Activity
Give the lines below again exactly, starting with the line that holds "act (a *: xi)" and going on through the line that holds "forall i, in_blocks bout (mu i).".

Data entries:

(* Hilbert O^op-module structure on a (finite dimensional) complex vector
   space E: right O^op action [act xi x] (= xi * x) and O^op-valued inner
   product [ip]. The O^op product is a * b = b *m a. *)
Definition hilbert_Oop_module M (bout : 'I_M -> nat) (E : vectType C)
  (act : E -> 'M[C]_M -> E) (ip : E -> E -> 'M[C]_M) : Prop :=
  [/\
      forall xi x y, in_blocks bout x -> in_blocks bout y ->
        act (act xi x) y = act xi (y *m x),
      forall xi eta x, in_blocks bout x -> act (xi + eta) x = act xi x + act eta x,
      forall xi x y, in_blocks bout x -> in_blocks bout y ->
        act xi (x + y) = act xi x + act xi y,
      forall (a : C) xi x, in_blocks bout x ->
        act (a *: xi) x = a *: act xi x /\ act xi (a *: x) = a *: act xi x &
      [/\ forall xi eta, in_blocks bout (ip xi eta),
          forall (a : C) xi eta eta', ip xi (a *: eta + eta') = a *: ip xi eta + ip xi eta',
          forall xi eta x, in_blocks bout x -> ip xi (act eta x) = x *m ip xi eta,
          forall xi eta, ip eta xi = cadj (ip xi eta) &
          (forall xi, psd (ip xi xi)) /\ (forall xi, ip xi xi = 0 -> xi = 0)]].

(* The module M_Phi = H_in (x) O^op: an element mu represents
   \sum_i e_i (x) mu i, with all mu i in O. *)
Definition in_MPhi N M (bout : 'I_M -> nat) (mu : 'I_N -> 'M[C]_M) : Prop :=
  forall i, in_blocks bout (mu i).

(* <xi (x) a, eta (x) b> = <xi, eta> a^* * b  (O^op product) *)
Definition ip_MPhi N M (mu nu : 'I_N -> 'M[C]_M) : 'M[C]_M :=
  \sum_(i < N) nu i *m cadj (mu i).

(* C_Phi, the O^op-linear map with C_Phi(e_j (x) 1) = \sum_{i in block of j}
   e_i (x) Phi(e_{ji}); extended O^op-linearly. *)
Definition C_Phi N M (bin : 'I_N -> nat) (Phi : 'M[C]_N -> 'M[C]_M)
  (mu : 'I_N -> 'M[C]_M) : 'I_N -> 'M[C]_M :=
  fun i => \sum_(j < N | bin j == bin i) mu j *m Phi (delta_mx j i).

(* Stinespring module (E, W) related to Phi: W in L(M_Phi, E) with W^* W = C_Phi. *)
Definition stinespring_module N M (bin : 'I_N -> nat) (bout : 'I_M -> nat)
  (Phi : 'M[C]_N -> 'M[C]_M) (E : vectType C) (act : E -> 'M[C]_M -> E)
  (ip : E -> E -> 'M[C]_M) (W : ('I_N -> 'M[C]_M) -> E) : Prop :=
  hilbert_Oop_module bout act ip /\
  exists Wadj : E -> ('I_N -> 'M[C]_M),
    [/\ forall xi, @in_MPhi N M bout (Wadj xi),
        forall mu xi, @in_MPhi N M bout mu -> ip (W mu) xi = ip_MPhi mu (Wadj xi) &
        forall mu, @in_MPhi N M bout mu -> Wadj (W mu) = C_Phi bin Phi mu].

(* Minimality: range of W dense in E (E finite dimensional, so = E). *)
Definition stinespring_module_minimal N M (bout : 'I_M -> nat) (E : vectType C)
  (W : ('I_N -> 'M[C]_M) -> E) : Prop :=
  forall xi : E, exists mu, @in_MPhi N M bout mu /\ W mu = xi.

Result for this exercise
        act (a *: xi) x = a *: act xi x /\ act xi (a *: x) = a *: act xi x &
      [/\ forall xi eta, in_blocks bout (ip xi eta),
          forall (a : C) xi eta eta', ip xi (a *: eta + eta') = a *: ip xi eta + ip xi eta',
          forall xi eta x, in_blocks bout x -> ip xi (act eta x) = x *m ip xi eta,
          forall xi eta, ip eta xi = cadj (ip xi eta) &
          (forall xi, psd (ip xi xi)) /\ (forall xi, ip xi xi = 0 -> xi = 0)]].

(* The module M_Phi = H_in (x) O^op: an element mu represents
   \sum_i e_i (x) mu i, with all mu i in O. *)
Definition in_MPhi N M (bout : 'I_M -> nat) (mu : 'I_N -> 'M[C]_M) : Prop :=
  forall i, in_blocks bout (mu i).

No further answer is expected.